An Italian missionary manages farming and fishing for 2,500 families. He began 30 years ago, and will participate in the Synod on the Amazon convoked by Pope Francis.
“Give a man a fish and feed him for a day; teach him to fish and feed him for a lifetime,” says the famous Chinese proverb. Italian missionary Giovanni Mometti went further: he doesn’t only teach people to fish, but also to farm fish. In 1989 in Amazonia he began a project to help families to eradicate hunger while respecting nature.
The project is called “New Moses.” Just as the biblical patriarch was saved from the waters as a child and later parted the Red Sea to save the people of Israel, the inhabitants of Amazonia are saved from death thanks to water management on their lands, where they can cultivate rice, farm fish, and raise animals.
Food for 2,500 families
Mometti, who has lived in Brazil since 1956, explains that this initiative benefits 2,500 families and is a good model that can continue to be expanded.
“Without uprooting a single tree, Amazonia can be converted into the breadbox of the poor,” says Mometti, who is 82 years old. His work in the region was preceded by a lifetime spent working with the lepers of Brazil, so he knows very well who the people most in need are.
State concession of 5 hectares per family
New Moses is active in the regions of Bragantina and Salgado in the northern Brazilian state of Parà. Its center is the Vibra João XXIII center (Vibra is an acronym that stands for, roughly translated, “Volunteers in Brazil for Amazonia”), which entrusts each family with 5 hectares (about 5 football fields) of land within a legal framework established by the state, conceding them use of the land for 99 years. On this land, there’s an area of wetland for rice cultivation, room for raising animals, and irrigation canals. All of this is done within a framework of sustainability and ecological respect in accordance with the apostolic exhortation “Laudato Si’.”

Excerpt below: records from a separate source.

(* Let $d\ge1$, let $G$ be a graph and $F$ a set of nonedges of $G$. Let $\{B_x\}_{x\in V(M)}$ be an induced minor model of a graph $M$ in $G$ such that for every $uv\in F$, $u\in B_x$ and $v\in B_y$ for some $x\neq y$ and no edge of $G$ joins $B_x$ and $B_y$; let $F'$ be the set of the corresponding pairs $xy$ (nonedges of $M$). If $(G,F)$ is $d$-convex (resp. $d$-Cayley-connected), then $(M,F')$ is $d$-convex (resp. $d$-Cayley-connected).
   Context: A linkage $(G,\ell)$: finite simple graph $G$ and $\ell:E(G)\to\mathbb{R}_{\ge0}$ (squared lengths). A $d$-realization is $p:V(G)\to\mathbb{R}^d$ with $\|p(a)-p(b)\|^2=\ell(ab)$ for all $ab\in E(G)$; $\mathcal{C}^d(G,\ell)$ is the set of these. For an indexed set $F=\{u_1v_1,\dots,u_mv_m\}$ of nonedges (pairs of distinct non-adjacent vertices), $\phi_F(p)=(\|p(u_i)-p(v_i)\|^2)_i$ and $\Omega^d_F(G,\ell)=\phi_F(\mathcal{C}^d(G,\ell))$. $(G,F)$ is $d$-convex (resp. $d$-Cayley-connected) if $\Omega^d_F(G,\ell)$ is convex (resp. path-connected) for every $\ell$; the empty set counts as convex and connected. An induced minor model of $M$ in $G$ is a partition $\{B_x\}_{x\in V(M)}$ of $V(G)$ into nonempty sets each inducing a connected subgraph, such that $xy\in E(M)$ if and only if some edge of $G$ joins $B_x$ and $B_y$ (i.e. $M$ arises from $G$ by contractions only). *)

From HB Require Import structures.
From mathcomp Require Import all_boot all_order all_algebra.
From mathcomp Require Import all_classical all_reals all_analysis.
Unset Implicit Arguments.
Import Order.TTheory GRing.Theory Num.Theory.
Import numFieldNormedType.Exports.
Local Open Scope classical_set_scope.
Local Open Scope ring_scope.

Definition simple_graph (T : finType) (e : rel T) : Prop :=
  symmetric e /\ irreflexive e.

Definition sqdist (R : realType) (d : nat) (x y : 'rV[R]_d) : R :=
  \sum_(i < d) (x ord0 i - y ord0 i) ^+ 2.

(* admissible squared edge lengths l : E(G) -> R_{>=0}
   (encoded as a function on ordered pairs, symmetric and nonneg on edges) *)
Definition edge_lengths (R : realType) (T : finType) (e : rel T)
    (l : T -> T -> R) : Prop :=
  forall a b, e a b -> l a b = l b a /\ 0 <= l a b.

Definition realizations (R : realType) (d : nat) (T : finType) (e : rel T)
    (l : T -> T -> R) : set (T -> 'rV[R]_d) :=
  [set p | forall a b, e a b -> sqdist R d (p a) (p b) = l a b].

Definition nonedges (T : finType) (e : rel T) (m : nat) (F : 'I_m -> T * T)
    : Prop :=
  forall i, (F i).1 != (F i).2 /\ ~~ e (F i).1 (F i).2.

Definition phiF (R : realType) (d : nat) (T : finType) (m : nat)
    (F : 'I_m -> T * T) (p : T -> 'rV[R]_d) : 'rV[R]_m :=
  \row_(i < m) sqdist R d (p (F i).1) (p (F i).2).

Definition Omega (R : realType) (d : nat) (T : finType) (e : rel T)
    (m : nat) (F : 'I_m -> T * T) (l : T -> T -> R) : set 'rV[R]_m :=
  phiF R d T m F @` realizations R d T e l.

Definition convex_subset (R : realType) (m : nat) (A : set 'rV[R]_m) : Prop :=
  forall x y t, A x -> A y -> 0 <= t <= 1 -> A (t *: x + (1 - t) *: y).

Definition path_connected_subset (R : realType) (m : nat) (A : set 'rV[R]_m)
    : Prop :=
  forall x y, A x -> A y ->
    exists g : R -> 'rV[R]_m,
      [/\ {within `[(0:R), (1:R)], continuous g}, g 0 = x, g 1 = y &
          forall t, 0 <= t <= 1 -> A (g t)].

Definition d_convex (R : realType) (d : nat) (T : finType) (e : rel T)
    (m : nat) (F : 'I_m -> T * T) : Prop :=
  forall l : T -> T -> R, edge_lengths R T e l -> convex_subset R m (Omega R d T e m F l).

Definition d_cayley_connected (R : realType) (d : nat) (T : finType)
    (e : rel T) (m : nat) (F : 'I_m -> T * T) : Prop :=
  forall l : T -> T -> R, edge_lengths R T e l ->
    path_connected_subset R m (Omega R d T e m F l).

(* Induced minor model of M = (S, eM) in G = (T, e), given by the map
   f : V(G) -> V(M) sending each vertex to the index of its block
   (B_x = f^{-1}(x)). *)
Definition induced_minor_model (T S : finType) (e : rel T) (eM : rel S)
    (f : T -> S) : Prop :=
  [/\ (forall x : S, exists a : T, f a = x),
      (forall a b : T, f a = f b ->
         connect [rel u v | [&& e u v, f u == f a & f v == f a]] a b) &
      (forall x y : S, x != y ->
         (eM x y <-> exists a b, [/\ f a = x, f b = y & e a b]))].

From HB Require Import structures.
From mathcomp Require Import all_boot all_order all_algebra.
From mathcomp Require Import all_classical all_reals all_analysis.
Set Implicit Arguments.
Unset Strict Implicit.
Unset Printing Implicit Defensive.

Import Order.TTheory GRing.Theory Num.Theory.
Local Open Scope classical_set_scope.
Local Open Scope ring_scope.

(* Contracting the blocks identifies the Cayley spaces. Give every edge inside
   a block length 0 and every edge between blocks B_x, B_y the length of xy.
   A realization of this linkage of G is constant on each (connected) block,
   so it is exactly a realization of M composed with the block map, and both
   measure the same distances on F. Hence Omega_F'(M, l) = Omega_F(G, l o f),
   and convexity or path-connectedness transfers. *)

Lemma sqdistxx (R : realType) (d : nat) (x : 'rV[R]_d) : sqdist R d x x = 0.
Proof. by apply: big1 => i _; rewrite subrr expr0n. Qed.

Lemma sqdist_eq0 (R : realType) (d : nat) (x y : 'rV[R]_d) :
  sqdist R d x y = 0 -> x = y.
Proof.
rewrite /sqdist => /eqP; rewrite psumr_eq0 => [/allP sq0|i _]; last exact: sqr_ge0.
apply/matrixP => i j; rewrite (ord1 i).
by have := sq0 j (mem_index_enum j); rewrite /= sqrf_eq0 subr_eq0 => /eqP.
Qed.

Lemma connect_fun_eq (T : finType) (V : eqType) (r : rel T) (p : T -> V) :
  (forall u v, r u v -> p u = p v) -> forall a b, connect r a b -> p a = p b.
Proof.
move=> r_p a b ab.
have cl : closed_mem r (mem [pred u | p u == p a]).
  by move=> u v /r_p; rewrite !inE => ->.
by have := closed_connect cl ab; rewrite !inE eqxx => /esym/eqP.
Qed.

Definition pullback_lengths (R : realType) (T S : finType) (f : T -> S)
    (l : S -> S -> R) : T -> T -> R :=
  fun a b => if f a == f b then 0 else l (f a) (f b).

Section ContractBlocks.

Variables (R : realType) (d : nat) (T S : finType) (e : rel T) (eM : rel S).
Variable f : T -> S.
Hypothesis model : induced_minor_model T S e eM f.
Hypothesis irr_eM : irreflexive eM.
Variable l : S -> S -> R.

Let lG := pullback_lengths f l.

Lemma edge_between_blocks (a b : T) :
  f a != f b -> e a b -> eM (f a) (f b).
Proof. by case: model => _ _ edgeM fab eab; apply/(edgeM _ _ fab); exists a, b. Qed.

Lemma edge_lengths_pullback :
  edge_lengths R S eM l -> edge_lengths R T e lG.
Proof.
move=> lM a b eab; rewrite /lG /pullback_lengths [f b == f a]eq_sym.
case: eqP => [// | /eqP fab].
exact/lM/edge_between_blocks.
Qed.

Lemma realization_comp (q : S -> 'rV[R]_d) :
  realizations R d S eM l q -> realizations R d T e lG (q \o f).
Proof.
move=> qM a b eab; rewrite /lG /pullback_lengths /=.
case: eqP => [-> | /eqP fab]; first exact: sqdistxx.
exact/qM/edge_between_blocks.
Qed.

Lemma realization_block_constant (p : T -> 'rV[R]_d) :
  realizations R d T e lG p -> forall a b, f a = f b -> p a = p b.
Proof.
case: model => _ conn _ pG a b /conn; apply: connect_fun_eq.
move=> u v /and3P[euv /eqP fu /eqP fv]; apply: sqdist_eq0.
by rewrite pG // /lG /pullback_lengths fu fv eqxx.
Qed.

Lemma realization_factor (p : T -> 'rV[R]_d) :
  realizations R d T e lG p ->
  exists2 q, realizations R d S eM l q & forall a, q (f a) = p a.
Proof.
move=> pG; case: model => _ _ edgeM.
pose q x := if [pick a | f a == x] is Some a then p a else 0.
have qf a : q (f a) = p a.
  rewrite /q; case: pickP => [b /eqP fb | /(_ a)]; last by rewrite eqxx.
  exact: (realization_block_constant pG).
exists q => // x y exy.
have xy : x != y by apply: contraTneq exy => ->; rewrite irr_eM.
have [a [b [fa fb eab]]] := (edgeM _ _ xy).1 exy; subst x y.
by rewrite !qf pG // /lG /pullback_lengths (negbTE xy).
Qed.

Lemma Omega_contract (m : nat) (F : 'I_m -> T * T) :
  Omega R d S eM m (fun i => (f (F i).1, f (F i).2)) l = Omega R d T e m F lG.
Proof.
apply/seteqP; split => _ [q qM <-].
- by exists (q \o f); [exact: realization_comp | apply/rowP => i; rewrite !mxE].
- have [q' q'M q'f] := realization_factor qM.
  by exists q' => //; apply/rowP => i; rewrite !mxE /= !q'f.
Qed.

End ContractBlocks.

Theorem mainTheorem6 (R : realType) (d : nat) (hd : (0 < d)%N)
  (T : finType) (e : rel T) (hG : simple_graph T e)
  (S : finType) (eM : rel S) (hM : simple_graph S eM)
  (f : T -> S) (hmodel : induced_minor_model T S e eM f)
  (m : nat) (F : 'I_m -> T * T) (hF : nonedges T e m F)
  (hsep : forall i : 'I_m, f (F i).1 != f (F i).2 /\
     (forall a b : T, f a = f (F i).1 -> f b = f (F i).2 -> ~~ e a b)) :
  (d_convex R d T e m F -> d_convex R d S eM m (fun i => (f (F i).1, f (F i).2))) /\
  (d_cayley_connected R d T e m F ->
     d_cayley_connected R d S eM m (fun i => (f (F i).1, f (F i).2))).
Proof.
have [_ irr_eM] := hM.
split=> G_prop l lM; rewrite (Omega_contract d hmodel irr_eM l F);
  exact: G_prop (edge_lengths_pullback hmodel lM).
Qed.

Funds needed to ensure the project’s future
The Italian missionary was in Rome this past January, invited by Pope Francis to Casa Santa Marta. He warns: “We have to be prepared, because when the 99 years are up, we need to have raised the funds needed to be able to renew the land concessions, so other people with more money don’t come and take it away.”
Mometti will attend the Synod on Amazonia at the Vatican in October, convoked by Pope Francis. He believes it’s an opportunity to sound the alarm regarding the danger the world is facing if we destroy the planet. “Amazonia is the last frontier humanity has left for preserving oxygen and eradicating hunger,” he emphasizes.
Following the New Moses model, the ecological chain isn’t broken. The animals provide nutrients for the fish, and the families live off the rice, fish, and pigs (which produce about 660 pounds of meat each year). No pesticides are used.
It’s calculated that more than 40 million plants have been destroyed in Amazonia (the region including the Amazon River and its tributaries). With the New Moses project, “without removing a single plant, each hectare of land yields between 40 and 60 tons of food.”